(Stored data entries)

Lemma ler_euler a b : 0 <= a -> a <= b -> euler a <= euler b.
Proof.
move=> a_ge0 ab; have b_ge0 := le_trans a_ge0 ab.
have [->|a_neq0] := eqVneq a 0.
  by rewrite /euler shrink0 subr_ge0 rate_le.
have a_gt0 : 0 < a by rewrite lt_def a_neq0.
have da : 0 < q%:R * a + S by rewrite ltr_pwDl // mulr_gt0 // ltr0n.
have db : 0 < q%:R * b + S.
  by rewrite ltr_pwDl // mulr_gt0 ?ltr0n // (lt_le_trans a_gt0).
rewrite /euler /shrink -subr_ge0.
have -> : b - (q%:R * b + S)^-1 * b ^+ 2 - (a - (q%:R * a + S)^-1 * a ^+ 2) =
    (b - a) * ((q%:R - 1) * (q%:R * a * b + S * (a + b)) + S ^+ 2) /
    ((q%:R * a + S) * (q%:R * b + S)).
  by field; rewrite !gt_eqF.
apply: divr_ge0; last by rewrite mulr_ge0 ?ltW.
rewrite mulr_ge0 ?subr_ge0 // addr_ge0 ?sqr_ge0 // mulr_ge0 ?subr_ge0 ?ler1n //.
by rewrite addr_ge0 ?mulr_ge0 ?addr_ge0 ?ler0n.
Qed.

Let eta_cont_itv a b : 0 <= a -> {within `[a, b], continuous eta}.
Proof.
move=> a_ge0; apply: continuous_subspaceW eta_cont => x /=.
by rewrite !in_itv /= andbT => /andP[ax _]; apply: le_trans ax.
Qed.

Lemma eta_MVT a b : 0 <= a -> a < b ->
  exists2 c, a < c < b & eta b - eta a = - rate (eta c) * (b - a).
Proof.
move=> a_ge0 ab.
have deriv x : x \in `]a, b[ -> is_derive x 1 eta (- rate (eta x)).
  rewrite in_itv /= => /andP[ax _]; rewrite /rate mulrC -mulNr.
  exact/eta_deriv/(le_lt_trans a_ge0 ax).
by have [c] := MVT ab deriv (eta_cont_itv a_ge0); rewrite in_itv /=; exists c.
Qed.

Lemma eta_IVT a b v : 0 <= a -> a <= b -> eta b <= v -> v <= eta a ->
  exists2 c, a <= c <= b & eta c = v.
Proof.
move=> a_ge0 ab v_ge v_le.
have v_mid : Num.min (eta a) (eta b) <= v <= Num.max (eta a) (eta b).
  by rewrite ge_min le_max v_ge v_le orbT.
by have [c] := IVT ab (eta_cont_itv a_ge0) v_mid; rewrite in_itv /=; exists c.
Qed.

(* On [eta t - d * rate (eta t), eta t] the vector field has magnitude at
   most [rate (eta t)], so [eta] cannot cross the lower end before time
   [t + d]. *)
Lemma eta_ge_euler t d : 0 <= t -> 0 < d <= 1 -> 0 < eta t ->
  eta t - d * rate (eta t) <= eta (t + d).
Proof.
move=> t_ge0 /andP[d_gt0 d_le1] x_gt0.
have rx_gt0 : 0 < rate (eta t).
  by rewrite mulr_gt0 ?exprn_gt0 // invr_gt0 ltr_pwDl // mulr_gt0 // ltr0n.
have c_ge0 : 0 <= eta t - d * rate (eta t).
  by rewrite subr_ge0 (le_trans _ (rate_le (ltW x_gt0))) // ler_piMl // ltW.
have c_lt : eta t - d * rate (eta t) < eta t by rewrite ltrBlDr ltrDl mulr_gt0.
rewrite leNgt; apply/negP => below.
have t_le : t <= t + d by rewrite lerDl ltW.
have [u /andP[tu ud] eta_u] := eta_IVT t_ge0 t_le (ltW below) (ltW c_lt).
have t_lt_u : t < u.
  rewrite lt_neqAle tu andbT; apply: contraTneq c_lt => tu_eq.
  by rewrite -eta_u -tu_eq ltxx.
have u_lt : u < t + d.
  rewrite lt_neqAle ud andbT; apply: contraTneq below => ud_eq.
  by rewrite -ud_eq eta_u ltxx.
have [xi /andP[t_xi xi_u]] := eta_MVT t_ge0 t_lt_u; rewrite eta_u => E.
have y_ge : eta t - d * rate (eta t) <= eta xi.
  by rewrite -eta_u eta_noninc ?(ltW xi_u) ?(le_trans t_ge0 (ltW t_xi)).
have ry_le := ler_rate (le_trans c_ge0 y_ge) (eta_noninc t_ge0 (ltW t_xi)).
have h1 : 0 <= (rate (eta t) - rate (eta xi)) * (u - t).
  by apply: mulr_ge0; rewrite subr_ge0 // ltW.
have h2 : 0 < rate (eta t) * (t + d - u) by rewrite mulr_gt0 ?subr_gt0.
nra.
Qed.

Lemma eta_euler_step t : 0 <= t -> 0 < eta t -> euler (eta t) <= eta (t + 1).
Proof.
move=> t_ge0 x_gt0; have := @eta_ge_euler t 1 t_ge0 _ x_gt0.
by rewrite mul1r; apply; rewrite ltr01 lexx.
Qed.

Lemma eta_nat_gt0 r : 0 < eta 0 -> 0 < eta r%:R.
Proof.
(* Two half steps: a unit Euler step reaches 0 when q = 1 and S = 0. *)
move=> eta0_gt0; elim: r => // r IH.
have half_step t : 0 <= t -> 0 < eta t -> 0 < eta (t + 2^-1).
  move=> t_ge0 x_gt0.
  apply: lt_le_trans (@eta_ge_euler t 2^-1 t_ge0 _ x_gt0); last first.
    by rewrite invr_gt0 ltr0n invf_le1 // ler1n.
  have := rate_le (ltW x_gt0); lra.
have -> : r.+1%:R = r%:R + 2^-1 + 2^-1 :> R by rewrite -natr1; lra.
by rewrite !half_step // addr_ge0 // invr_ge0 ler0n.
Qed.

(* With [S = 0] the vector field [- eta / q] would push a negative [eta] up,
   against monotonicity. *)
Lemma eta_ge0_S0 t : S = 0 -> 0 <= t -> 0 <= eta t.
Proof.
move=> S0 t_ge0; rewrite leNgt; apply/negP => eta_lt0.
have t_lt : t < t + 1 by rewrite ltrDl.
have [xi /andP[t_xi _] E] := eta_MVT t_ge0 t_lt.
have y_lt0 : eta xi < 0 := le_lt_trans (eta_noninc t_ge0 (ltW t_xi)) eta_lt0.
have ry_lt0 : rate (eta xi) < 0.
  have qy_lt0 : q%:R * eta xi < 0 by rewrite pmulr_rlt0 // ltr0n.
  by rewrite /rate S0 addr0 pmulr_llt0 ?invr_lt0 // exprn_even_gt0 //= lt_eqF.
have := eta_noninc t_ge0 (ltW t_lt).
by rewrite -subr_le0 E addrAC subrr add0r mulr1 oppr_le0 leNgt ry_lt0.
Qed.

End EulerComparison.

Section TopEigenvalueBound.
Variables (R : realType) (n q : nat) (lam : nat -> R) (eta : R -> R).
Hypothesis lam_ge0 : forall l, (1 <= l <= n)%N -> 0 <= lam l.
Hypothesis lam_antitone :
  forall l m, (1 <= l)%N -> (l <= m)%N -> (m <= n)%N -> lam m <= lam l.
Hypothesis q_gt0 : (0 < q)%N.
Hypothesis q_le_n : (q <= n)%N.
Hypothesis eta0 : eta 0 = lam 1%N.
Hypothesis eta_cont : {within `[0%R, +oo[, continuous eta}.
Let S := \sum_(q.+1 <= l < n.+1) lam l.
Hypothesis eta_deriv : forall t : R, 0 < t ->
  is_derive t 1 eta (- (eta t ^+ 2) / (q%:R * eta t + S)).
Hypothesis eta_noninc : forall s t : R, 0 <= s -> s <= t -> eta t <= eta s.

Local Notation s := [seq lam l | l <- index_iota 1 n.+1].

Let lam_range l : (q.+1 <= l < n.+1)%N -> (1 <= l <= n)%N.
Proof. by case/andP=> ql; rewrite ltnS => ->; rewrite andbT (leq_trans _ ql). Qed.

### Your objective:
Reproduce each entry above without a single difference.

### Result of the exercise:
Lemma ler_euler a b : 0 <= a -> a <= b -> euler a <= euler b.
Proof.
move=> a_ge0 ab; have b_ge0 := le_trans a_ge0 ab.
have [->|a_neq0] := eqVneq a 0.
  by rewrite /euler shrink0 subr_ge0 rate_le.
have a_gt0 : 0 < a by rewrite lt_def a_neq0.
have da : 0 < q%:R * a + S by rewrite ltr_pwDl // mulr_gt0 // ltr0n.
have db : 0 < q%:R * b + S.
  by rewrite ltr_pwDl // mulr_gt0 ?ltr0n // (lt_le_trans a_gt0).
rewrite /euler /shrink -subr_ge0.
have -> : b - (q%:R * b + S)^-1 * b ^+ 2 - (a - (q%:R * a + S)^-1 * a ^+ 2) =
    (b - a) * ((q%:R - 1) * (q%:R * a * b + S * (a + b)) + S ^+ 2) /
    ((q%:R * a + S) * (q%:R * b + S)).
  by field; rewrite !gt_eqF.
apply: divr_ge0; last by rewrite mulr_ge0 ?ltW.
rewrite mulr_ge0 ?subr_ge0 // addr_ge0 ?sqr_ge0 // mulr_ge0 ?subr_ge0 ?ler1n //.
by rewrite addr_ge0 ?mulr_ge0 ?addr_ge0 ?ler0n.
Qed.

Let eta_cont_itv a b : 0 <= a -> {within `[a, b], continuous eta}.
Proof.
move=> a_ge0; apply: continuous_subspaceW eta_cont => x /=.
by rewrite !in_itv /= andbT => /andP[ax _]; apply: le_trans ax.
Qed.

Lemma eta_MVT a b : 0 <= a -> a < b ->
  exists2 c, a < c < b & eta b - eta a = - rate (eta c) * (b - a).
Proof.
move=> a_ge0 ab.
have deriv x : x \in `]a, b[ -> is_derive x 1 eta (- rate (eta x)).
  rewrite in_itv /= => /andP[ax _]; rewrite /rate mulrC -mulNr.
  exact/eta_deriv/(le_lt_trans a_ge0 ax).
by have [c] := MVT ab deriv (eta_cont_itv a_ge0); rewrite in_itv /=; exists c.
Qed.

Lemma eta_IVT a b v : 0 <= a -> a <= b -> eta b <= v -> v <= eta a ->
  exists2 c, a <= c <= b & eta c = v.
Proof.
move=> a_ge0 ab v_ge v_le.
have v_mid : Num.min (eta a) (eta b) <= v <= Num.max (eta a) (eta b).
  by rewrite ge_min le_max v_ge v_le orbT.
by have [c] := IVT ab (eta_cont_itv a_ge0) v_mid; rewrite in_itv /=; exists c.
Qed.

(* On [eta t - d * rate (eta t), eta t] the vector field has magnitude at
   most [rate (eta t)], so [eta] cannot cross the lower end before time
   [t + d]. *)
Lemma eta_ge_euler t d : 0 <= t -> 0 < d <= 1 -> 0 < eta t ->
  eta t - d * rate (eta t) <= eta (t + d).
Proof.
move=> t_ge0 /andP[d_gt0 d_le1] x_gt0.
have rx_gt0 : 0 < rate (eta t).
  by rewrite mulr_gt0 ?exprn_gt0 // invr_gt0 ltr_pwDl // mulr_gt0 // ltr0n.
have c_ge0 : 0 <= eta t - d * rate (eta t).
  by rewrite subr_ge0 (le_trans _ (rate_le (ltW x_gt0))) // ler_piMl // ltW.
have c_lt : eta t - d * rate (eta t) < eta t by rewrite ltrBlDr ltrDl mulr_gt0.
rewrite leNgt; apply/negP => below.
have t_le : t <= t + d by rewrite lerDl ltW.
have [u /andP[tu ud] eta_u] := eta_IVT t_ge0 t_le (ltW below) (ltW c_lt).
have t_lt_u : t < u.
  rewrite lt_neqAle tu andbT; apply: contraTneq c_lt => tu_eq.
  by rewrite -eta_u -tu_eq ltxx.
have u_lt : u < t + d.
  rewrite lt_neqAle ud andbT; apply: contraTneq below => ud_eq.
  by rewrite -ud_eq eta_u ltxx.
have [xi /andP[t_xi xi_u]] := eta_MVT t_ge0 t_lt_u; rewrite eta_u => E.
have y_ge : eta t - d * rate (eta t) <= eta xi.
  by rewrite -eta_u eta_noninc ?(ltW xi_u) ?(le_trans t_ge0 (ltW t_xi)).
have ry_le := ler_rate (le_trans c_ge0 y_ge) (eta_noninc t_ge0 (ltW t_xi)).
have h1 : 0 <= (rate (eta t) - rate (eta xi)) * (u - t).
  by apply: mulr_ge0; rewrite subr_ge0 // ltW.
have h2 : 0 < rate (eta t) * (t + d - u) by rewrite mulr_gt0 ?subr_gt0.
nra.
Qed.

Lemma eta_euler_step t : 0 <= t -> 0 < eta t -> euler (eta t) <= eta (t + 1).
Proof.
move=> t_ge0 x_gt0; have := @eta_ge_euler t 1 t_ge0 _ x_gt0.
by rewrite mul1r; apply; rewrite ltr01 lexx.
Qed.

Lemma eta_nat_gt0 r : 0 < eta 0 -> 0 < eta r%:R.
Proof.
(* Two half steps: a unit Euler step reaches 0 when q = 1 and S = 0. *)
move=> eta0_gt0; elim: r => // r IH.
have half_step t : 0 <= t -> 0 < eta t -> 0 < eta (t + 2^-1).
  move=> t_ge0 x_gt0.
  apply: lt_le_trans (@eta_ge_euler t 2^-1 t_ge0 _ x_gt0); last first.
    by rewrite invr_gt0 ltr0n invf_le1 // ler1n.
  have := rate_le (ltW x_gt0); lra.
have -> : r.+1%:R = r%:R + 2^-1 + 2^-1 :> R by rewrite -natr1; lra.
by rewrite !half_step // addr_ge0 // invr_ge0 ler0n.
Qed.

(* With [S = 0] the vector field [- eta / q] would push a negative [eta] up,
   against monotonicity. *)
Lemma eta_ge0_S0 t : S = 0 -> 0 <= t -> 0 <= eta t.
Proof.
move=> S0 t_ge0; rewrite leNgt; apply/negP => eta_lt0.
have t_lt : t < t + 1 by rewrite ltrDl.
have [xi /andP[t_xi _] E] := eta_MVT t_ge0 t_lt.
have y_lt0 : eta xi < 0 := le_lt_trans (eta_noninc t_ge0 (ltW t_xi)) eta_lt0.
have ry_lt0 : rate (eta xi) < 0.
  have qy_lt0 : q%:R * eta xi < 0 by rewrite pmulr_rlt0 // ltr0n.
  by rewrite /rate S0 addr0 pmulr_llt0 ?invr_lt0 // exprn_even_gt0 //= lt_eqF.
have := eta_noninc t_ge0 (ltW t_lt).
by rewrite -subr_le0 E addrAC subrr add0r mulr1 oppr_le0 leNgt ry_lt0.
Qed.

End EulerComparison.

Section TopEigenvalueBound.
Variables (R : realType) (n q : nat) (lam : nat -> R) (eta : R -> R).
Hypothesis lam_ge0 : forall l, (1 <= l <= n)%N -> 0 <= lam l.
Hypothesis lam_antitone :
  forall l m, (1 <= l)%N -> (l <= m)%N -> (m <= n)%N -> lam m <= lam l.
Hypothesis q_gt0 : (0 < q)%N.
Hypothesis q_le_n : (q <= n)%N.
Hypothesis eta0 : eta 0 = lam 1%N.
Hypothesis eta_cont : {within `[0%R, +oo[, continuous eta}.
Let S := \sum_(q.+1 <= l < n.+1) lam l.
Hypothesis eta_deriv : forall t : R, 0 < t ->
  is_derive t 1 eta (- (eta t ^+ 2) / (q%:R * eta t + S)).
Hypothesis eta_noninc : forall s t : R, 0 <= s -> s <= t -> eta t <= eta s.

Local Notation s := [seq lam l | l <- index_iota 1 n.+1].

Let lam_range l : (q.+1 <= l < n.+1)%N -> (1 <= l <= n)%N.
Proof. by case/andP=> ql; rewrite ltnS => ->; rewrite andbT (leq_trans _ ql). Qed.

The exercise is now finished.